Supe que me comportaba con mis pacientes sólo en base a los protocolos, principios de la bioética, deontología y legislación, cuando no me quedó memoria o huella de los mismos; en muchos casos, cuando no llegué a promover confianza, curación de los miedos o esperanza. También ha sucedido que otras veces lo intenté y recibí por respuesta desconfianza y críticas. Pude resarcirme de ello con examen de conciencia ante la Cruz, no en vano Jesús Crucificado es el icono de la misericordia. No siempre poniendo lo mejor de uno acaba la relación en felicidad, sino en cruz.
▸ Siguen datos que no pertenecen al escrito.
(* [trace_sum] is a nonzero polynomial function of degree [p ^ n.-1 < #|F|]. *)
Lemma abs_trace_neq0 : (0 < n)%N -> exists w, tr w != 0.
Proof.
move=> n_gt0; apply/existsP/contraT; rewrite negb_exists => /forallP tr0.
pose P : {poly F} := \sum_(i < n) 'X^(p ^ i).
have last_i : (n.-1 < n)%N by rewrite prednK.
have P_neq0 : P != 0.
  apply/eqP => /(congr1 (fun P : {poly F} => P`_(p ^ n.-1))) /eqP.
  rewrite coef0 coef_sum (bigD1 (Ordinal last_i)) //= coefXn eqxx big1 ?addr0.
    by rewrite oner_eq0.
  move=> j; rewrite -val_eqE coefXn eqn_exp2l ?prime_gt1 //= eq_sym.
  by move/negPf ->.
have sizeP : (size P <= (p ^ n.-1).+1)%N.
  apply: leq_trans (size_sum _ _ _) _; apply/bigmax_leqP => i _.
  by rewrite size_polyXn ltnS leq_exp2l ?prime_gt1 // -ltnS prednK.
have rootsP : all (root P) (enum F).
  apply/allP => x _; rewrite /root horner_sum.
  under eq_bigr do rewrite hornerXn.
  by rewrite -[\sum_(i < n) _]/(trace_sum x) -abs_traceE (eqP (negbNE (tr0 x))) rmorph0.
have := max_poly_roots P_neq0 rootsP (enum_uniq _).
rewrite -cardE cardF => /leq_trans /(_ sizeP); rewrite ltnS leqNgt ltn_exp2l ?prime_gt1 //.
by rewrite prednK // leqnn.
Qed.

End AbsoluteTrace.

Lemma sum_mul_char_eq0 (G : finZmodType) (R : idomainType) (chi : G -> R) c :
  {morph chi : x y / x + y >-> x * y} -> chi c != 1 -> \sum_x chi x = 0.
Proof.
move=> chiD chic_neq1.
have : \sum_x chi x = chi c * \sum_x chi x.
  by rewrite mulr_sumr (reindex_inj (addrI c)); apply: eq_bigr => x _; rewrite chiD.
move/eqP; rewrite -subr_eq0 -{1}[\sum_x _]mul1r -mulrBl mulf_eq0 subr_eq0 eq_sym.
by rewrite (negPf chic_neq1) => /eqP.
Qed.

Lemma Fp_dvd_val p (a : 'F_p) : prime p -> (p %| val a)%N = (a == 0).
Proof. by move=> p_prime; rewrite (dvdn_pcharf (pchar_Fp p_prime)) natr_Zp. Qed.

Section AdditiveCharacter.
Variables (p : nat) (zeta : algC).
Hypotheses (p_prime : prime p) (zeta_prim : p.-primitive_root zeta).

Definition addchar (a : 'F_p) : algC := zeta ^+ val a.

Lemma addchar_nat m : addchar m%:R = zeta ^+ m.
Proof. by rewrite /addchar -[val _]/(nat_of_ord _) val_Fp_nat // prim_expr_mod. Qed.

Lemma addchar0 : addchar 0 = 1.
Proof. exact: expr0. Qed.

Lemma addcharD a b : addchar (a + b) = addchar a * addchar b.
Proof. by rewrite -[a]natr_Zp -[b]natr_Zp -natrD !addchar_nat exprD. Qed.

Lemma addchar_eq1 a : (addchar a == 1) = (a == 0).
Proof.
by rewrite /addchar -(prim_order_dvd zeta_prim) Fp_dvd_val.
Qed.

Lemma sum_addchar_mul c :
  \sum_(y : 'F_p) addchar (y * c) = if c == 0 then p%:R else 0.
Proof.
have [->|c_neq0] := eqVneq c 0.
  by under eq_bigr do rewrite mulr0 addchar0; rewrite sumr_const card_Fp.
apply: (sum_mul_char_eq0 (c := c^-1)) => [a b|]; first by rewrite mulrDl addcharD.
by rewrite mulVf // addchar_eq1 oner_eq0.
Qed.

Lemma sum_addchar_mul_neq0 c :
  \sum_(y : 'F_p | y != 0) addchar (y * c) = if c == 0 then p%:R - 1 else -1.
Proof.
have := sum_addchar_mul c; rewrite (bigD1 0) //= mul0r addchar0.
by move/(canRL (addKr 1)) ->; case: eqP; rewrite ?addr0 // addrC.
Qed.

Lemma addchar_galois a : a != 0 ->
  exists s : {rmorphism algC -> algC}, forall b, s (addchar b) = addchar (a * b).
Proof.
move=> a_neq0; have p_coprime_a : coprime (val a) p.
  by rewrite coprime_sym prime_coprime // Fp_dvd_val.
have [s sE] := Qn_aut_exists p_coprime_a; exists s => b.
rewrite /addchar rmorphXn sE ?(prim_expr_order zeta_prim) // -exprM.
by rewrite -[LHS]addchar_nat natrM !natr_Zp.
Qed.

End AdditiveCharacter.

Section TraceCharacter.
Variables (F : finFieldType) (p n : nat) (zeta : algC).
Hypotheses (pcharF : p \in [pchar F]) (cardF : #|F| = (p ^ n)%N).
Hypotheses (zeta_prim : p.-primitive_root zeta) (n_gt0 : (0 < n)%N).

Let p_prime : prime p := pcharf_prime pcharF.

Definition trchar (x : F) : algC := addchar zeta (@abs_trace F p n x).

Lemma trchar0 : trchar 0 = 1.
Proof. by rewrite /trchar abs_trace0 // addchar0. Qed.

Lemma trcharD x y : trchar (x + y) = trchar x * trchar y.
Proof. by rewrite /trchar abs_traceD // addcharD. Qed.

Lemma trcharZ a x : trchar (Fp_embed a * x) = addchar zeta (a * @abs_trace F p n x).
Proof. by rewrite /trchar abs_traceZ. Qed.

Lemma sum_trchar_mul z : \sum_b trchar (b * z) = if z == 0 then #|F|%:R else 0.
Proof.
have [->|z_neq0] := eqVneq z 0.
  by under eq_bigr do rewrite mulr0 trchar0; rewrite sumr_const.
have [w trw_neq0] := abs_trace_neq0 pcharF cardF n_gt0.
apply: (sum_mul_char_eq0 (c := w / z)) => [a b|]; first by rewrite mulrDl trcharD.
by rewrite divfK // /trchar addchar_eq1.
Qed.

End TraceCharacter.

Section PowerTwist.
Variables (p : nat) (l : int).
Hypotheses (p_prime : prime p) (l_coprime : gcdz (l - 1) (p.-1)%:Z = 1%N).

(* [pow_twist a * f (a x) = a * f x] for [f] homogeneous of degree [l]; on nonzero [a] it
   is [a ^ (1 - l)], a permutation because [gcd (l - 1, p - 1) = 1]. *)
Definition pow_twist (a : 'F_p) : 'F_p := a / a ^ l.

Lemma pow_twist_eq0 a : (pow_twist a == 0) = (a == 0).
Proof. by rewrite mulf_eq0 invr_eq0 expfz_eq0; case: (a == 0); rewrite ?andbF ?orbT. Qed.

Lemma pow_twistE a : a != 0 -> pow_twist a = a ^ (1 - l).
Proof. by move=> a_neq0; rewrite /pow_twist invr_expz exprzDr ?unitfE. Qed.

Lemma pow_twist_inj : injective pow_twist.
Proof.
move=> a b eq_ab; have eq0_ab : (a == 0) = (b == 0) by rewrite -pow_twist_eq0 eq_ab pow_twist_eq0.
have [a0|a_neq0] := eqVneq a 0; first by move: eq0_ab; rewrite a0 eqxx => /esym/eqP.
have b_neq0 : b != 0 by rewrite -eq0_ab.
pose u := a / b; have u_neq0 : u != 0 by rewrite mulf_neq0 ?invr_eq0.
have u_unit : u \is a GRing.unit by rewrite unitfE.
have u_1l : u ^ (1 - l) = 1.
  rewrite exprzMl ?unitfE ?invr_eq0 // -expfV -!pow_twistE // eq_ab mulfV //.
  by rewrite pow_twist_eq0.
have u_p1 : u ^ (p.-1)%:Z = 1.
  rewrite -exprnP; apply: (mulIf u_neq0).
  by rewrite mul1r -exprSr prednK ?prime_gt0 // -[X in _ ^+ X](card_Fp p_prime) expf_card.
have [s [t st]] := Bezoutz (l - 1) (p.-1)%:Z.
have u_l1 : u ^ (l - 1) = 1 by rewrite -opprB -invr_expz u_1l invr1.
have : u = 1.
  rewrite -[LHS]expr1z -[X in u ^ X = _]l_coprime -st exprzDr // [s * _]mulrC [t * _]mulrC.
  by rewrite -!exprz_exp u_l1 u_p1 !exp1rz mulr1.
by move/divr1_eq.
Qed.

End PowerTwist.

Lemma pchar_natr2_neq0 (R : idomainType) p : p \in [pchar R] -> p != 2 -> 2%:R != 0 :> R.
Proof.
move=> pcharR p_neq2.
by rewrite -(dvdn_pcharf pcharR) dvdn_prime2 // (pcharf_prime pcharR).
Qed.

Lemma addrr_eq0 (R : idomainType) (x : R) : 2%:R != 0 :> R -> (x + x == 0) = (x == 0).
Proof. by move=> two_neq0; rewrite -mulr2n -mulr_natr mulf_eq0 (negPf two_neq0) orbF. Qed.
Y también pedí perdón por las inadvertencias.

Pero tuve la suerte de poder percibir en muchos que el amor misericordioso de Dios les había tocado, probablemente también gracias a mi trabajo interior por “cristificarme”, cuando percibía en ellos confianza, atenuación de los miedos, conformidad con lo que les ha tocado afrontar, fortaleza para seguir un plan terapéutico difícil y prolongado, … cuando muchos padres se abrían al querer de Dios sobre ellos e iniciaban un proceso de oración continuada por la salud de sus hijos, por sí mismos, por los profesionales y demás cuidadores; cuando percibían que el Dios de misericordia camina a su lado, dándoles consuelo, esperanza y fuerza.

Durante cuarenta años he reflexionado sobre las obras de misericordia en el contexto de los profesionales sanitarios cristianos con el afán de que fuesen guía de mi comportamiento cristiano como profesional.

Y al hacer examen de conciencia, recién jubilado, me queda la sensación de lo poco alcanzado, de lo mal gestionado en mi vida, de las ocasiones perdidas, de… ¡cuánto queda por hacer!

Me consoló (parodiando un texto de Pablo d´Ors que él refiere a la meditación) el saber que la misericordia tiene un ámbito de realidad tan hondo y amplio en nuestro interior, en nuestro ser profundo, que es imposible llenarlo; siempre resta mucho por conseguir, siempre deja un ansia de lograr algo más, siempre es deseo de poner más amor.

No olvidemos que el icono de la misericordia es el Cristo Crucificado, donde se combinan amor y pasión.